Problem to solve: Below are entries; output exactly the lines from the one with "by split; [exact: open_interior" to the one with "exists (Posz k), (iter", both included, and nothing else.

Stored items:
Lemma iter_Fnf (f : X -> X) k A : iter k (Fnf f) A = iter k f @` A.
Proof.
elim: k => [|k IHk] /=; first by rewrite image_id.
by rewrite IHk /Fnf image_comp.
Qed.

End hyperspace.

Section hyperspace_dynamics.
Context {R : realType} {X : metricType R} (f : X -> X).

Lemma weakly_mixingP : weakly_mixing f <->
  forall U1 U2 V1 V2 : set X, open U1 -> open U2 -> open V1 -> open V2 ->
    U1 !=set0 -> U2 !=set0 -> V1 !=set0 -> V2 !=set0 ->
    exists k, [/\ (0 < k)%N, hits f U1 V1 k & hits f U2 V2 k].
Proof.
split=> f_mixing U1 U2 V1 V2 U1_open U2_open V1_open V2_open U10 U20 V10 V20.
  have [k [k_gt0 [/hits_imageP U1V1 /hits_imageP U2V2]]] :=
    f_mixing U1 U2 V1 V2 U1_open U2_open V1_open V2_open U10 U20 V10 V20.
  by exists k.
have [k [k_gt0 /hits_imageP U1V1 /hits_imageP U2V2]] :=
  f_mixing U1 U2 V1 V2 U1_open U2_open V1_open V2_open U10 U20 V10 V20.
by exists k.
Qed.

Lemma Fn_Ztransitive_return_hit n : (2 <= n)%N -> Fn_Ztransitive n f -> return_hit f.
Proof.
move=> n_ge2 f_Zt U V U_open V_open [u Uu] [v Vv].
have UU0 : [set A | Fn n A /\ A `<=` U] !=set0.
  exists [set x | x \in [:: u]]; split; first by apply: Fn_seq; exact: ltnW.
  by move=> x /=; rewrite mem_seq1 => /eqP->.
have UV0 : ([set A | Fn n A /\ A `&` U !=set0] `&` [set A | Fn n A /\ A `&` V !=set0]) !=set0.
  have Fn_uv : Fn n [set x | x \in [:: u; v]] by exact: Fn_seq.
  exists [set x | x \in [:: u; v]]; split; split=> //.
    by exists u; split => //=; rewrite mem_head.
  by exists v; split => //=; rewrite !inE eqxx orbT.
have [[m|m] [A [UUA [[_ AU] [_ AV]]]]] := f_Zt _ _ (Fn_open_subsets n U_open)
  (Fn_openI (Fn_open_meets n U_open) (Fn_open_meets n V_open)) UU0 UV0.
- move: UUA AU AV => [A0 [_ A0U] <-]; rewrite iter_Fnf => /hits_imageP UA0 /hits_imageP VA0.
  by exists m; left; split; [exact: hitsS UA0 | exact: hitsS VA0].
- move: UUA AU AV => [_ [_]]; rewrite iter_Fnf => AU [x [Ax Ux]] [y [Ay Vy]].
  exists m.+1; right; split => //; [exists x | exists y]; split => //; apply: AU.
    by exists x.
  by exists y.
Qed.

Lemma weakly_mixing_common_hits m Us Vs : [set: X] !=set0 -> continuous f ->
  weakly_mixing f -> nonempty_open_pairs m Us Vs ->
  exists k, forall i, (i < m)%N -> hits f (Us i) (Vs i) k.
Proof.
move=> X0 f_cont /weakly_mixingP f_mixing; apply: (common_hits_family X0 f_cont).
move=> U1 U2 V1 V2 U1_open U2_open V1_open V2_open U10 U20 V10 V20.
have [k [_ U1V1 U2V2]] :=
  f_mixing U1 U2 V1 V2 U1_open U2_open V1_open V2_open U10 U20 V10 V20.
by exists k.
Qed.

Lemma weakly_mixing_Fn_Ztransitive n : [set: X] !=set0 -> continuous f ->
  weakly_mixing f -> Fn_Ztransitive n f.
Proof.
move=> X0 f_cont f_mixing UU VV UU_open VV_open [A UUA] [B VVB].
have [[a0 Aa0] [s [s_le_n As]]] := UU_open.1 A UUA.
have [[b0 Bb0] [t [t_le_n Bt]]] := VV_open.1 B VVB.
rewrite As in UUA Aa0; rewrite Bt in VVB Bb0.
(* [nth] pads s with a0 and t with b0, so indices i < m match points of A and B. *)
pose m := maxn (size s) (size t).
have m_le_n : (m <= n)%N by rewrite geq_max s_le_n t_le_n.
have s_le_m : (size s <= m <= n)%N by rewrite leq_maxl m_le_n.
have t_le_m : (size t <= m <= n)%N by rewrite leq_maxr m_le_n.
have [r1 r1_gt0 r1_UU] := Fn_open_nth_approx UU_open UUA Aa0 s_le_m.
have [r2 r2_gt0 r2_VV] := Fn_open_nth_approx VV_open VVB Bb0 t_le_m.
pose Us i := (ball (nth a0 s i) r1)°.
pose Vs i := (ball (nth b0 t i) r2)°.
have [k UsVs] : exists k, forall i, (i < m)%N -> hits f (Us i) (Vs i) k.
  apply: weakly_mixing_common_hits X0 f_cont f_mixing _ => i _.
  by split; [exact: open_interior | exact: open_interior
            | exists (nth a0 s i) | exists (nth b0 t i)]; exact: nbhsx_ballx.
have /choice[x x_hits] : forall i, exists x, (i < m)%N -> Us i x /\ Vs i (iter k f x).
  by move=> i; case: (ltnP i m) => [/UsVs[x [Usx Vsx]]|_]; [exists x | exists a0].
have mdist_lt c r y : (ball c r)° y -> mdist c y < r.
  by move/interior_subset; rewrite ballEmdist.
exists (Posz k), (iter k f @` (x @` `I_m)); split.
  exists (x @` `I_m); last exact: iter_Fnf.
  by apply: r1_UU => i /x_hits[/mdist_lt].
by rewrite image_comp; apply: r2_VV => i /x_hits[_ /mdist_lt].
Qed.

Task solution:
  by split; [exact: open_interior | exact: open_interior
            | exists (nth a0 s i) | exists (nth b0 t i)]; exact: nbhsx_ballx.
have /choice[x x_hits] : forall i, exists x, (i < m)%N -> Us i x /\ Vs i (iter k f x).
  by move=> i; case: (ltnP i m) => [/UsVs[x [Usx Vsx]]|_]; [exists x | exists a0].
have mdist_lt c r y : (ball c r)° y -> mdist c y < r.
  by move/interior_subset; rewrite ballEmdist.
exists (Posz k), (iter k f @` (x @` `I_m)); split.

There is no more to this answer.